The stock move comes with a near-term catalyst on the calendar. Carpenter said it will release fiscal second-quarter results before the market opens on Jan. 29 and host a conference call at 10 a.m. ET that day. GlobeNewswire
That date matters because Carpenter’s last update set a tough yardstick for the next print. In October, it reported record quarterly operating income and forecast fiscal 2026 operating income of $660 million to $700 million, with second-quarter operating income expected at $152 million to $156 million; operating income is profit from operations before interest and taxes. The company also described itself as a supplier of high-performance specialty alloys for aerospace and defense and other markets. Carpenter Technology
The slide also landed amid uneven U.S. trading as Treasury yields rose ahead of Friday’s U.S. jobs report, while defense shares jumped after President Donald Trump called for a much larger 2027 military budget. “It’s not clear how Fed policy should or will react,” Guy LeBas, chief fixed-income strategist at Janney Montgomery Scott, said, pointing to the uncertainty around what the next data will mean for rates. Reuters
Carpenter’s drop outpaced some specialty-metals peers on the day. ATI Inc was down about 3%, while Materion and Metallus traded higher.

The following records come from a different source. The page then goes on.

Let G_stab g h h' : G g -> cancel h h' -> cancel h' h ->
  (forall u v, kadj k (h u) (h v) <-> kadj k u v) -> h (g (0, 0)) = (0, 0) ->
  (forall x, h (g x) = x) \/
  [/\ h (g (1, 0)) = (-1, 0), h (g (0, 1)) = (0, 1) & h (g (1, 1)) = (-1, 1)].
Proof.
move=> Gg hK hK' hadj h00; have [g' [_ gK gK']] := G_inv Gg.
apply: (kadj_stab00 hk (c := fun x => h (g x)) (c' := fun x => g' (h' x))).
- by move=> x; rewrite hK gK.
- by move=> x; rewrite gK' hK'.
- by move=> u v; rewrite hadj G_kadjE.
- exact: h00.
Qed.

Let G_transl_row0 g p q : G g -> g (0, 0) = (p, q) -> (q %% m)%Z = 0 ->
  forall x, g x = transl p q x.
Proof.
move=> Gg E00 Hq.
have gE x y : transl (- p) (- q) (g x) = y -> g x = transl p q y.
  by move=> <-; rewrite translNK.
have := G_stab Gg (translNK p q) (translK p q)
  (fun u v => kadj_translE (- p) u v (modzN_eq0 Hq)).
case=> [|Eid|[/gE E10 /gE E01 /gE E11]]; first by rewrite E00 /transl /= !subrr.
  by move=> x; apply: gE.
exfalso; apply: (G_reflected_square (i := p - 1) (j := q) (r := 2) Gg).
  by rewrite /sq_strip Hq.
by rewrite /sq_face /= !add0r E00 E10 E01 E11; seq_lia.
Qed.

(* Such a g would be a point reflection, which fixes a cell of K, or a
   point reflection composed with a mirror, which reverses orientation. *)
Let G_not_row1 g p q : G g -> g (0, 0) = (p, q) -> (q %% m)%Z = 1 -> False.
Proof.
move=> Gg E00 Hq.
have gE x y : prefl p q (g x) = y -> g x = prefl p q y.
  by move=> <-; rewrite preflK.
have := G_stab Gg (preflK p q) (preflK p q) (fun u v => kadj_preflE p u v Hq).
case=> [|Eid|[/gE E10 /gE E01 /gE E11]]; first by rewrite E00 /prefl /= !subrr.
  have gP x : g x = prefl p q x by apply: gE.
  have gid : forall x, g x = x.
    apply: G_free => //.
    case: (prefl_fixes_cell k p q) => [[u Pu]|[[u [v [A Pu Pv]]]|[f [Hf P]]]].
    - by left; exists u; rewrite gP.
    - by right; left; exists u, v; rewrite !gP.
    - by right; right; exists f; rewrite (eq_map gP).
  by move: Hq; rewrite -[q]/((p, q).2) -E00 gid mod0z.
apply: (G_reflected_square (i := p) (j := q - 1) (r := 0) Gg).
  by move: Hq; rewrite /sq_strip; case: hk => ->; lia.
by rewrite /sq_face /= !add0r E00 E10 E01 E11; seq_lia.
Qed.

Lemma G_transl g : G g ->
  exists p q, (q %% m)%Z = 0 /\ forall x, g x = transl p q x.
Proof.
move=> Gg; case E00 : (g (0, 0)) => [p q].
have := G_row00 Gg; rewrite E00 /= => -[Hq|Hq].
  by exists p, q; split=> //; apply: G_transl_row0.
by case: (G_not_row1 Gg E00 Hq).
Qed.

Lemma normalizes_transl p q : normalizes (transl p q).
Proof.
move=> g Gg; exists g => // x; have [p' [q' [_ gE]]] := G_transl Gg.
by rewrite !gE /transl /=; apply: pair_eqI; lia.
Qed.

Lemma normalizes_prefl p q : normalizes (prefl p q).
Proof.
move=> g Gg; have [g' [Gg' gK gK']] := G_inv Gg; exists g' => // x.
have [p' [q' [_ gE]]] := G_transl Gg.
have g'E y : g' y = transl (- p') (- q') y.
  by rewrite -[y in LHS](translNK p' q') -gE gK.
by rewrite gE g'E /transl /prefl /=; apply: pair_eqI; lia.
Qed.

Lemma same_aut_orbit_transl p q x : (q %% m)%Z = 0 ->
  same_aut_orbit face (eta x) (eta (transl p q x)).
Proof.
move=> Hq; have [a [Ha aE]] := quotient_aut (translK p q)
  (fun u v => kadj_transl p Hq) (fun u v => kadj_transl (- p) (modzN_eq0 Hq))
  (fun f => tiling_faceset_transl p Hq) (normalizes_transl p q)
  (normalizes_transl (- p) (- q)).
by exists a.
Qed.

Lemma same_aut_orbit_prefl p q x : (q %% m)%Z = 1 ->
  same_aut_orbit face (eta x) (eta (prefl p q x)).
Proof.
move=> Hq; have [a [Ha aE]] := quotient_aut (preflK p q)
  (fun u v => kadj_prefl p Hq) (fun u v => kadj_prefl p Hq)
  (fun f => tiling_faceset_prefl p Hq) (normalizes_prefl p q)
  (normalizes_prefl p q).
by exists a.
Qed.

Lemma same_aut_orbit_cover x : same_aut_orbit face (eta (0, 0)) (eta x) \/
  same_aut_orbit face (eta (0, 2)) (eta x).
Proof.
case: x => i j.
have [[H|H]|[H|H]] : ((j %% m)%Z = 0 \/ (j %% m)%Z = 1) \/
    (((j - 2) %% m)%Z = 0 \/ ((j + 2) %% m)%Z = 1).
  by case: hk => ->; lia.
- by left; have := same_aut_orbit_transl i (0, 0) H; rewrite /transl /= !add0r.
- by left; have := same_aut_orbit_prefl i (0, 0) H; rewrite /prefl /= !subr0.
- right; have := same_aut_orbit_transl i (0, 2) H; rewrite /transl /= add0r.
  by rewrite addrC subrK.
- right; have := same_aut_orbit_prefl i (0, 2) H; rewrite /prefl /= subr0.
  by rewrite addrK.
Qed.

(* A vertex on a square of K is never G-equivalent to one on row 2 mod k+1,
   which lies on triangles only. *)
Lemma not_same_aut_orbit_00_02 :
  ~ same_aut_orbit face (eta (0, 0)) (eta (0, 2)).
Proof.
case=> a [[_ aface] Ea].
have [i C] := eta_face (sq_face_tiling 0 (sq_strip0 k)).
have [j P] := aface i.
have mem02 : eta (0, 2) \in face j.
  rewrite -(perm_mem P) -Ea map_f // -(perm_mem (cyc_eq_perm C)).
  by apply: map_f; rewrite inE eqxx.
have [f [Hf C']] := face_lift j.
have S4 : size f = 4%N.
  rewrite -(size_map eta) (perm_size (cyc_eq_perm C')) -(perm_size P).
  by rewrite size_map -(perm_size (cyc_eq_perm C)) size_map.
have [i' [j' [Sj' Ef]]] := tiling_face_size4 Hf S4.
move: mem02; rewrite -(perm_mem (cyc_eq_perm C')).
case/mapP=> w wf /eta_eqP [g [Gg gw]].
have [p [q [Hq gE]]] := G_transl Gg; rewrite gE /transl in gw.
have := sq_face_row hk Sj' (i := i'); rewrite -Ef => /(_ _ wf).
case: w gw {wf} => a1 b1 [_ E2].
by move: Hq; rewrite /= -E2; case: hk => ->; lia.
Qed.

End Quotient.

Local Close Scope ring_scope.

Theorem theorem1 (k : nat) (hk : k = 2%N \/ k = 3%N)
    (G : (vtx -> vtx) -> Prop) (V : finType) (n : nat)
    (face : 'I_n -> seq V) (eta : vtx -> V) :
  free_aut_subgroup k G ->
  is_torus_polyhedral_map face ->
  is_quotient_map k G face eta ->
  exists u v : V,
    ~ same_aut_orbit face u v /\
    forall w : V, same_aut_orbit face u w \/ same_aut_orbit face v w.
Proof.
move=> HG HX HQ; exists (eta (0, 0)%R), (eta (0, 2)%R); split.
  exact: not_same_aut_orbit_00_02 hk HG HX HQ.
move=> w; have [x <-] : exists x, eta x = w by case: HQ => H _; apply: H.
exact: same_aut_orbit_cover hk HG HX HQ x.
Qed.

After the early reversal, traders were watching whether the stock could stabilize near the session’s low area. A move back above the prior close would take some heat out of the chart; another leg down would put the round-number $300 level in play.
There’s a clear risk case, too. If aerospace build rates wobble or customers slow orders, a stock that has run hard into earnings can get punished fast, and heavier capacity spending can pinch cash generation even when profit holds up.